What to produce> Among the records that follow, set down only the lines from the one containing "pose out S := odflt" to the one containing "Local Notation is_up k := (nth false D k).", both included, exactly.

Extracted records>
▬▬▬

Lemma piece_subset S T a b : is_piece dg S -> is_piece dg T ->
  is_side S a b -> is_side T a b -> S \subset T.
Proof.
move=> pS pT abS abT; apply/subsetP => c cS; apply/negPn/negP => cT.
have T_gt2 : 2 < #|T| by case/and3P: pT.
have [u [v [uvT uvc]]] := is_side_around (ltnW T_gt2) cT.
have dg_uv : dg u v.
  case/orP: (piece_side_edge pT uvT) => // /eqP vE.
  by move: uvc; rewrite vE (negbTE (strictly_between_succ (ltn_ord u) (ltn_ord c))).
have ST_uv t : t \in S -> t \in T -> (t == u) || (t == v).
  move=> tS tT; apply/negPn/negP; rewrite negb_or => /andP [tu tv].
  by have := piece_not_cut pS dg_uv cS uvc tS; rewrite (is_side_opposite uvT tT tu tv).
have [aS bS ab noS] := is_sideP _ _ _ abS.
have [aT bT _ noT] := is_sideP _ _ _ abT.
case/orP: (ST_uv a aS aT) => /eqP aE; case/orP: (ST_uv b bS bT) => /eqP bE;
  rewrite aE bE ?eqxx in ab noS noT => //.
  by have := noS c cS; rewrite uvc.
have [t tT /andP [tu tv]] := exists_third u v T_gt2.
by have := noT t tT; rewrite (is_side_opposite uvT tT tu tv).
Qed.

Lemma piece_eq S T a b : is_piece dg S -> is_piece dg T ->
  is_side S a b -> is_side T a b -> S = T.
Proof.
move=> pS pT abS abT; apply/eqP; rewrite eqEsubset.
by rewrite (piece_subset pS pT abS abT) (piece_subset pT pS abT abS).
Qed.

Lemma card_ord_mem (s : seq nat) : #|[set w : 'I_N | val w \in s]| <= size s.
Proof.
apply: leq_trans (_ : #|pmap insub s : seq 'I_N| <= _).
  by apply/subset_leq_card/subsetP => w; rewrite inE mem_pmap_sub.
by apply: leq_trans (card_size _) _; rewrite size_pmap_sub count_size.
Qed.

Lemma card_pieces_at v :
  #|[set S | is_piece dg S & v \in S]| <= #|[set w : 'I_N | dg v w]|.+1.
Proof.
set P := [set S | is_piece dg S & v \in S].
(* A piece containing v is determined by its side leaving v (piece_eq). *)
pose out S := odflt v [pick w | is_side S v w].
have outP S : is_piece dg S -> v \in S -> is_side S v (out S).
  move=> pS vS; have S_gt2 : 2 < #|S| by case/and3P: pS.
  have [w vwS] := is_side_exists vS (ltnW S_gt2).
  by rewrite /out; case: pickP => [//|/(_ w)]; rewrite vwS.
have out_inj : {in P &, injective out}.
  move=> S T; rewrite !inE => /andP [pS vS] /andP [pT vT] eST.
  by apply: (piece_eq pS pT (outP S pS vS)); rewrite eST; apply: outP.
have outW : out @: P \subset
    [set w : 'I_N | val w \in [:: (val v).+1 %% N]] :|: [set w : 'I_N | dg v w].
  apply/subsetP => w /imsetP [S]; rewrite inE => /andP [pS vS] ->.
  by rewrite !inE (piece_side_edge pS (outP S pS vS)).
rewrite -(card_in_imset out_inj); apply: leq_trans (subset_leq_card outW) _.
apply: leq_trans (leq_card_setU _ _) _.
by rewrite -[X in _ <= X]add1n leq_add2r (card_ord_mem [:: _]).
Qed.

End Pieces.

(** * Heights and balance lines of an m-Dyck path *)

Section DyckPath.
Variables (m l : nat) (D : seq bool).
Hypotheses (m_gt0 : 0 < m) (l_gt0 : 0 < l) (D_dyck : is_mDyck m l D).

Local Notation n := (size D).
Local Notation is_up k := (nth false D k).
Local Notation x_at p := (n_right (take p D)).
Local Notation y_at p := (n_up (take p D)).

Lemma x_at_add_y_at p : p <= n -> x_at p + y_at p = p.
Proof.
move=> pn; rewrite /n_right /n_up addnC.
by have := count_predC id (take p D); rewrite size_takel.
Qed.

Lemma x_atS p : p < n -> x_at p.+1 = x_at p + ~~ is_up p.
Proof. by move=> pn; rewrite (take_nth false pn) -cats1 /n_right count_cat /= addn0. Qed.

Lemma y_atS p : p < n -> y_at p.+1 = y_at p + is_up p.
Proof. by move=> pn; rewrite (take_nth false pn) -cats1 /n_up count_cat /= addn0. Qed.

Lemma x_at_mono : {homo (fun p => x_at p) : p q / p <= q}.
Proof. by move=> p q pq; rewrite /= -(subnKC pq) takeD /n_right count_cat leq_addr. Qed.

Lemma y_at_mono : {homo (fun p => y_at p) : p q / p <= q}.
Proof. by move=> p q pq; rewrite /= -(subnKC pq) takeD /n_up count_cat leq_addr. Qed.

Lemma size_dyck : n = m * l + l.
Proof.
case/and3P: D_dyck => /eqP upD /eqP rightD _.
have := count_predC id D.
by rewrite -[count _ D]/(n_up D) upD -[count _ D]/(n_right D) rightD addnC.
Qed.

Lemma x_at_size : x_at n = m * l.
Proof. by rewrite take_size; case/and3P: D_dyck => _ /eqP. Qed.

Lemma x_at_le p : p <= n -> x_at p <= m * y_at p.
Proof.
by move=> pn; case/and3P: D_dyck => _ _ /allP; apply; rewrite mem_iota add0n ltnS.
Qed.

Definition height p : int := (Posz (m * y_at p) - Posz (x_at p))%R.

Lemma height_ge0 p : p <= n -> (0 <= height p)%R.
Proof. by move/x_at_le; rewrite /height; lia. Qed.

Lemma height0 : height 0 = 0%R.
Proof. by rewrite /height take0 /n_up /n_right /= muln0. Qed.

Lemma height_size : height n = 0%R.
Proof.
rewrite /height x_at_size take_size; case/and3P: D_dyck => /eqP -> _ _; lia.
Qed.

Lemma heightS p : p < n ->
  height p.+1 = (height p + (if is_up p then Posz m else -1))%R.
Proof. by move=> pn; rewrite /height x_atS // y_atS //; case: (is_up p) => /=; lia. Qed.

Lemma up_first : is_up 0.
Proof.
have n_gt0 : 0 < n by rewrite size_dyck; nia.
by have := x_at_le n_gt0; rewrite x_atS // y_atS // take0; case: (is_up 0); rewrite ?muln0.
Qed.

Lemma find_up : find id D = 0.
Proof. by case: D up_first => //= b s ->. Qed.

Lemma valley_corner p : 0 < p -> p < n ->
  (height p <= height p.-1)%R -> (height p <= height p.+1)%R -> is_corner D p.
Proof.
move=> p_gt0 pn; have := heightS (ltac:(lia) : p.-1 < n); rewrite prednK // => hp.
have := heightS pn; rewrite /is_corner p_gt0 pn.
by move: hp; case: (is_up p.-1); case: (is_up p) => //=; lia.
Qed.

Lemma level_line k p : k <= p -> p <= n -> height p = height k ->
  p = k + m.+1 * (y_at p - y_at k) /\ x_at p = x_at k + m * (y_at p - y_at k).
Proof.
move=> kp pn; rewrite /height => hpk.
have := x_at_add_y_at (leq_trans kp pn); have := x_at_add_y_at pn.
have := x_at_mono kp; have := y_at_mono kp; rewrite /= => ky kx sp sk.
have dx : x_at p - x_at k = m * (y_at p - y_at k) by rewrite mulnBr; lia.
by split; rewrite ?mulSn; lia.
Qed.

Lemma noncorner_on_line k t : k <= n ->
  noncorner_at D (x_at k + m * t) (y_at k + t) =
  [&& k + m.+1 * t <= n, height (k + m.+1 * t) == height k
    & ~~ is_corner D (k + m.+1 * t)].
Proof.
move=> kn; rewrite /noncorner_at /on_path.
have -> : x_at k + m * t + (y_at k + t) = k + m.+1 * t.
  by have := x_at_add_y_at kn; rewrite mulSn; lia.
case pn: (k + m.+1 * t <= n) => //=; congr (_ && _).
have kp : k <= k + m.+1 * t by apply: leq_addr.
rewrite /pt xpair_eqE; apply/andP/eqP => [[/eqP ex /eqP ey]|hp].
  by rewrite /height ex ey; lia.
have [e1 e2] := level_line kp pn hp; have := y_at_mono kp; rewrite /= => ky.
have et : y_at (k + m.+1 * t) - y_at k = t.
  by apply/eqP; rewrite -(eqn_pmul2l (ltn0Sn m)); apply/eqP; lia.
by rewrite e2 et; split; apply/eqP; lia.
Qed.

Lemma pred_first_drop q r : is_up q -> q < r -> r <= n ->
  (height r < height q)%R -> (forall p, q < p -> p < r -> (height q <= height p)%R) ->
  [/\ q < r.-1, ~~ is_up r.-1, height r.-1 = height q & ~~ is_corner D r.-1].
Proof.
move=> upq qr rn hr above.
have hq1 := heightS (leq_trans qr rn); rewrite upq in hq1.
have r_gt : q.+1 < r.
  suff : r != q.+1 by lia.
  by apply: contraTneq hr => ->; rewrite hq1; lia.
have [r' rE qr'] : exists2 r', r = r'.+2 & q <= r' by exists r.-2; lia.
subst r => /=; have hr1 := heightS rn; have hr2 := heightS (ltnW rn).
have ge1 := above r'.+1 (ltac:(lia)) (ltnSn _).
have r1_right : ~~ is_up r'.+1 by move: hr1 hr ge1; case: (is_up r'.+1) => //; lia.
have lev : height r'.+1 = height q by move: hr1 hr ge1; rewrite (negbTE r1_right); lia.
have {}qr' : q < r'.
  suff : r' != q by lia.
  by apply/eqP => r'E; move: lev; rewrite r'E hq1; lia.
have r'_right : ~~ is_up r'.
  by move: hr2 lev (above r' qr' (ltac:(lia))); case: (is_up r') => //; lia.
split => //.
by rewrite /is_corner /= (negbTE r1_right) (negbTE r'_right) andbF.
Qed.

Lemma up_lt_size k : is_up k -> k < n.
Proof. by apply: contraTltn => /(nth_default false) ->. Qed.

Lemma first_below k p (h : int) : k < p -> (height p < h)%R ->
  exists r, [/\ k < r, r <= p, (height r < h)%R &
                forall q, k < q -> q < r -> (h <= height q)%R].
Proof.
move=> kp hp; pose P r := (k < r) && (height r < h)%R.
have [|r /andP [kr hr] rmin] := @ex_minnP P; first by exists p; rewrite /P kp.
exists r; split => //; first by apply: rmin; rewrite /P kp.
move=> q kq qr; rewrite leNgt; apply: contraTN qr => hq.
by rewrite -leqNgt rmin // /P kq.
Qed.

Lemma level_noncorner_exists k : is_up k ->
  exists p, [/\ k < p, p <= n, height p = height k & ~~ is_corner D p].
Proof.
move=> upk; have kn := up_lt_size upk.
have [hn|hn] := lerP (height k) (height n).
  exists n; split => //; last by rewrite /is_corner ltnn andbF.
  by move: hn; rewrite height_size; have := height_ge0 (ltnW kn); lia.
have [r [kr rn hr above]] := first_below kn hn.
have [kr1 _ lev nc] := pred_first_drop upk kr rn hr above.
by exists r.-1; split => //; lia.
Qed.

(* Index along D of the point where the balance line of the up step k ends. *)
Definition bal_end k := k + m.+1 * bal_t m D k.

Lemma bal_end_spec k : is_up k ->
  [/\ k < bal_end k, bal_end k <= n, height (bal_end k) = height k,
      ~~ is_corner D (bal_end k) &
      forall p, k < p -> p < bal_end k -> height p = height k -> is_corner D p].
Proof.
move=> upk; have kn := ltnW (up_lt_size upk).
pose P t := noncorner_at D (x_at k + m * t) (y_at k + t).
have bal_endE : bal_end k = k + m.+1 * (find P (iota 1 n)).+1 by [].
have [p0 [kp0 p0n h0 nc0]] := level_noncorner_exists upk.
have [p0E _] := level_line (ltnW kp0) p0n h0.
have P_p0 : P (y_at p0 - y_at k) by rewrite /P noncorner_on_line // -p0E p0n h0 eqxx.
have hasP : has P (iota 1 n).
  by apply/hasP; exists (y_at p0 - y_at k) => //; rewrite mem_iota; nia.
have jn : find P (iota 1 n) < n by rewrite -[X in _ < X](size_iota 1) -has_find.
have := nth_find 0 hasP; rewrite nth_iota // add1n.
rewrite /P noncorner_on_line // -bal_endE => /and3P [en /eqP he nce].
split => //; first by rewrite bal_endE; nia.
move=> p kp pe hp; have [pE _] := level_line (ltnW kp) (leq_trans (ltnW pe) en) hp.
set t := y_at p - y_at k in pE.
have t_gt0 : 0 < t by move: kp; rewrite pE; case: (t) => //; rewrite muln0 addn0 ltnn.
have tj : t.-1 < find P (iota 1 n) by move: pe; rewrite bal_endE pE; nia.
have := before_find 0 tj; rewrite nth_iota; last by lia.
rewrite add1n prednK // /P noncorner_on_line // -pE (leq_trans (ltnW pe) en) hp eqxx /=.
by move/negbFE.
Qed.

Lemma bal_end_char k p : is_up k -> k < p -> p <= n -> height p = height k ->
  ~~ is_corner D p ->
  (forall q, k < q -> q < p -> height q = height k -> is_corner D q) -> bal_end k = p.
Proof.
move=> upk kp pn hp ncp pmin; have [ke en he nce emin] := bal_end_spec upk.
case: (ltngtP (bal_end k) p) => // lt.
  by have := pmin _ ke lt he; rewrite (negbTE nce).
by have := emin _ kp lt hp; rewrite (negbTE ncp).
Qed.

Lemma bal_end_first_drop q r : is_up q -> q < r -> r <= n -> (height r < height q)%R ->
  (forall p, q < p -> p < r -> (height q <= height p)%R) ->
  bal_end q = r.-1 /\ ~~ is_up r.-1.
Proof.
move=> upq qr rn hr above.
have [qr1 r1_right lev nc] := pred_first_drop upq qr rn hr above.
split => //; apply: bal_end_char => //; first by lia.
move=> p qp pr1 hp; apply: valley_corner; rewrite ?hp; try lia.
  have [qp1|] := ltnP q p.-1; first by apply: above; lia.
  by move=> p1q; rewrite (_ : p.-1 = q) //; lia.
by apply: above; lia.
Qed.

▬▬▬

Final answer>
pose out S := odflt v [pick w | is_side S v w].
have outP S : is_piece dg S -> v \in S -> is_side S v (out S).
  move=> pS vS; have S_gt2 : 2 < #|S| by case/and3P: pS.
  have [w vwS] := is_side_exists vS (ltnW S_gt2).
  by rewrite /out; case: pickP => [//|/(_ w)]; rewrite vwS.
have out_inj : {in P &, injective out}.
  move=> S T; rewrite !inE => /andP [pS vS] /andP [pT vT] eST.
  by apply: (piece_eq pS pT (outP S pS vS)); rewrite eST; apply: outP.
have outW : out @: P \subset
    [set w : 'I_N | val w \in [:: (val v).+1 %% N]] :|: [set w : 'I_N | dg v w].
  apply/subsetP => w /imsetP [S]; rewrite inE => /andP [pS vS] ->.
  by rewrite !inE (piece_side_edge pS (outP S pS vS)).
rewrite -(card_in_imset out_inj); apply: leq_trans (subset_leq_card outW) _.
apply: leq_trans (leq_card_setU _ _) _.
by rewrite -[X in _ <= X]add1n leq_add2r (card_ord_mem [:: _]).
Qed.

End Pieces.

(** * Heights and balance lines of an m-Dyck path *)

Section DyckPath.
Variables (m l : nat) (D : seq bool).
Hypotheses (m_gt0 : 0 < m) (l_gt0 : 0 < l) (D_dyck : is_mDyck m l D).

Local Notation n := (size D).
Local Notation is_up k := (nth false D k).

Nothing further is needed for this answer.